> **EXERCISE INSTRUCTIONS**
Work out how many lines of the listing hold the string "first", then answer with that number and nothing else.

┄┄┄┄┄┄

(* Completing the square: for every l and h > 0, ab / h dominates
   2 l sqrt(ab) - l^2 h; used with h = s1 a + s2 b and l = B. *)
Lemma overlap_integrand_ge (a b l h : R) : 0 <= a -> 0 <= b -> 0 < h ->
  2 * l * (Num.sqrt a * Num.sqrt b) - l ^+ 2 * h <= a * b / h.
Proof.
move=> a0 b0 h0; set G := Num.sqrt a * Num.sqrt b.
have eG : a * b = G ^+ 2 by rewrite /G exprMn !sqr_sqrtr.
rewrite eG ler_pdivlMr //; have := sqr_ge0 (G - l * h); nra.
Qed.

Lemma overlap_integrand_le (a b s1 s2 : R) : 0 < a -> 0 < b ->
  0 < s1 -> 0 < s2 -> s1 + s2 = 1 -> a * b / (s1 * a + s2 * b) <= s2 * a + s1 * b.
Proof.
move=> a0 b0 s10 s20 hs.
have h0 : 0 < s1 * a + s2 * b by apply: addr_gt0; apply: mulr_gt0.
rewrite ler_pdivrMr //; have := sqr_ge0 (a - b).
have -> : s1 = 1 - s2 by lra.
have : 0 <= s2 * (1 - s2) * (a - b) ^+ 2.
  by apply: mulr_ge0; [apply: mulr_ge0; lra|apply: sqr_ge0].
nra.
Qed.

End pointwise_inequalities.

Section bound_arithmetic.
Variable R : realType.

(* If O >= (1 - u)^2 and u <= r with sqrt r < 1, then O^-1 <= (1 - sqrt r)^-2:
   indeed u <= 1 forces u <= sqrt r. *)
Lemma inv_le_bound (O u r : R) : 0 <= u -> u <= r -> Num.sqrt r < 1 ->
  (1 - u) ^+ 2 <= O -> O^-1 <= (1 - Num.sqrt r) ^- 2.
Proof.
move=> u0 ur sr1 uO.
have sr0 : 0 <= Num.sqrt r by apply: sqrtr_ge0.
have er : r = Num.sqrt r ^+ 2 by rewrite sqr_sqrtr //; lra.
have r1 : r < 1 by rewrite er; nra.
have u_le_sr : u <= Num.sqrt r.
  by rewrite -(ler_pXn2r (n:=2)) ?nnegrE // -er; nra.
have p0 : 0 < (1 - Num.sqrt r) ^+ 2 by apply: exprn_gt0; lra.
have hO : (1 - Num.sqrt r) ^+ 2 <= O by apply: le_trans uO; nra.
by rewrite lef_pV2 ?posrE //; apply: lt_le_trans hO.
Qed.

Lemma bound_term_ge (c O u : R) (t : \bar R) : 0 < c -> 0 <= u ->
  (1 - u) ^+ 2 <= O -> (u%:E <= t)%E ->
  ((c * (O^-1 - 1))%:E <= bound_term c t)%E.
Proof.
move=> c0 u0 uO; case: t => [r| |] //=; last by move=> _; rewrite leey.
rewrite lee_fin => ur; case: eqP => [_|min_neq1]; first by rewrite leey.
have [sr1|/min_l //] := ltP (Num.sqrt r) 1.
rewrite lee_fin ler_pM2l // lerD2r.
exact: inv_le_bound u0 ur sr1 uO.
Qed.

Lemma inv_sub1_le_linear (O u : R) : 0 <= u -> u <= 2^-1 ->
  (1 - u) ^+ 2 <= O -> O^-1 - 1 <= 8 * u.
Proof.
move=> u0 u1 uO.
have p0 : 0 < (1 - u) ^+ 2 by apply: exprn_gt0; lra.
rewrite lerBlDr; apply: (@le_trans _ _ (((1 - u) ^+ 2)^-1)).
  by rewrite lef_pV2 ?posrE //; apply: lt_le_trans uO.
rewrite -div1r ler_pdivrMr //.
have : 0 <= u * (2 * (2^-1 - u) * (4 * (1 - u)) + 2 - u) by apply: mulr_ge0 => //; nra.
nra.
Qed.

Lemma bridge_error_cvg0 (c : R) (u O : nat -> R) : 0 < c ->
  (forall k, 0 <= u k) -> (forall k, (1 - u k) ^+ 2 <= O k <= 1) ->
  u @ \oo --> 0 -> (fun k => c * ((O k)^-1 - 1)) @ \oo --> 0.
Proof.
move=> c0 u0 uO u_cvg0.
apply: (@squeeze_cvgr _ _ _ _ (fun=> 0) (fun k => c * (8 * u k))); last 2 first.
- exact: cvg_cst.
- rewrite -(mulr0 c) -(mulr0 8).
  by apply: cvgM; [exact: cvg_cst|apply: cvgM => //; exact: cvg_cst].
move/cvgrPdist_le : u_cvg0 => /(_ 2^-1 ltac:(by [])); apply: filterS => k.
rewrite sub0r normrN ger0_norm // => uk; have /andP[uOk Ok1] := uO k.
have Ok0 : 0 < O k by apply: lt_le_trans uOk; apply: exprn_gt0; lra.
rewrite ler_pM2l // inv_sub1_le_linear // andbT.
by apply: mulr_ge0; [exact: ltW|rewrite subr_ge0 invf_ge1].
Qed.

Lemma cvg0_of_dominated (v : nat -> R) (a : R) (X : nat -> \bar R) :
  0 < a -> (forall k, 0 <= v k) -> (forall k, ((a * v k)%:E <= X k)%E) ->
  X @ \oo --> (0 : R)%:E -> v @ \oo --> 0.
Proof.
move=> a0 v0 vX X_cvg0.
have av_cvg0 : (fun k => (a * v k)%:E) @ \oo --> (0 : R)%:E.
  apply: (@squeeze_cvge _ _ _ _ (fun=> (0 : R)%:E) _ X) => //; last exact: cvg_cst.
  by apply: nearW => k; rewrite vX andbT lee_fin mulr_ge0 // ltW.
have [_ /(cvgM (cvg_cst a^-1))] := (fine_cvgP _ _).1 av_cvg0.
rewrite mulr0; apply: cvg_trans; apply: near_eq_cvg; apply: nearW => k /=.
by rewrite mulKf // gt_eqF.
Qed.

┄┄┄┄┄┄

> **PROBLEM SOLUTION**
2